SAS Viya stable 2023.10 introduces a simplified approach to restoring a Viya backup. In prior releases, an administrator was required to build and apply temporary manifests to initiate a restore. In 2023.10 (and forward) this is no longer the case. In this post, I will review the new and improved functionality.
In a previous post, I provided an overview of SAS Viya 4 Backup and Restore. To summarize, a Viya backup includes:
Viya backup and restore are implemented using native Kubernetes functionality. Backup and restore are implemented as Kubernetes jobs and cronJobs. The restore process has two high-level steps.
So what has changed? In 2023.10 the restore process performs the same two steps, however, the method of initiating a restore has improved. Until 2023.10 the restore process involved building and applying temporary Kubernetes manifests to perform the two steps; running the Restore Job and restarting CAS in RESTORE mode. After restoring the backup was complete the manifests that manage the deployment had to be reset to their original state and the temporary manifests discarded. The restore process was not particularly easy for the Viya administrator. The new process does not require the creation of temporary manifests. Let's see how it works now.

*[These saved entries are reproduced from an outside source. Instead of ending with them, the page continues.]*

Theorem theorem2p30 (R : realType) (n : nat) (h : 'rV[R]_n -> 'rV[R]_n)
    (r K1 K2 : R) (U V : set 'rV[R]_n) :
  bilip_homeo_germ h r K1 K2 ->
  in_closure0 U -> in_closure0 V ->
  Dset (U `&` V) = Dset U `&` Dset V ->
  SSP (U `&` V) ->
  SSP (gimage h r U) ->
  Dset (gimage h r (U `&` V)) = Dset (gimage h r U) `&` Dset (gimage h r V).
Proof.
move=> hh _ _ DUV SUV SU; apply/seteqP; split=> [a Da|a [DhU DhV]].
  by split; apply: Dset_sub Da; apply: gimage_sub => x [].
have [a1 [y [hVy ya]]] := Dset_to0_along DhV.
have [v [vVr yE]] := gimage_seq_preimage hVy; subst y.
have rv m : eball0 r (v m) by case: (vVr m).
have [phi [c [c1 [phiP vc]]]] := to0_along_bilip_lift hh rv ya.
have cV : Dset V c by apply: to0_along_Dset c1 _ vc; exists 0%N => m _; case: (vVr (phi m)).
have [b [hUb bv]] := SSP_to0_along SU DhU (to0_along_subseq phiP ya).
have [u [uUr bE]] := gimage_seq_preimage hUb; subst b.
have cU : Dset U c.
  apply: to0_along_Dset c1 _ (to0_along_negl (z := u) vc _).
    by exists 0%N => m _; case: (uUr m).
  by apply: (negl_bilip_pull (v := v \o phi) hh _ _ bv) => m; [case: (uUr m)|exact: rv].
have cUV : Dset (U `&` V) c by rewrite DUV.
have [w [UVw wv]] := SSP_to0_along SUV cUV vc.
have [N rw] := to0_along_eventually_ball (to0_along_negl vc wv) (proj1 hh).
have hwa := to0_along_negl (to0_along_subseq phiP ya)
  (negl_bilip_push hh (ex_intro _ N rw) (fun m => rv _) wv).
by apply: to0_along_Dset a1 _ hwa; exists N => m /rw rwm; exists (w m).
Qed.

Each individual backup is identified using a timestamp value called the backup ID. In the command below, we retrieve the backup ID of the backup to restore from the ad-hoc backup job that created the backup.
backupid=$(yq4 eval '(.metadata.labels."sas.com/sas-backup-id")' <(kubectl get job sas-scheduled-backup-job-adhoc-001 -o yaml))
echo ${backupid}
Output:
2023-11-09T15_32_28_628_0700
When selecting a backup to restore you should always check the status.json in the sas-common-backup-data PVC directory to be sure that the backup you are restoring was completed successfully. The status.json contains detailed information about the backup. For a successful backup, the file should have the value: sas.com/sas-backup-job-status: Completed.
The sas-restore-job-parameters configMap is how we pass settings to the restore process. The configMap will be referenced by the restore job and by the CAS Server when it starts. The two parameters to set for a restore are:
The patch command patches the configMap updating the values of SAS_BACKUP_ID and SAS_DEPLOYMENT_START_MODE:
restore_config_map=$(kubectl describe cronjob sas-restore-job | grep -i sas-restore-job-parameters | awk '{print $1}'|head -n 1)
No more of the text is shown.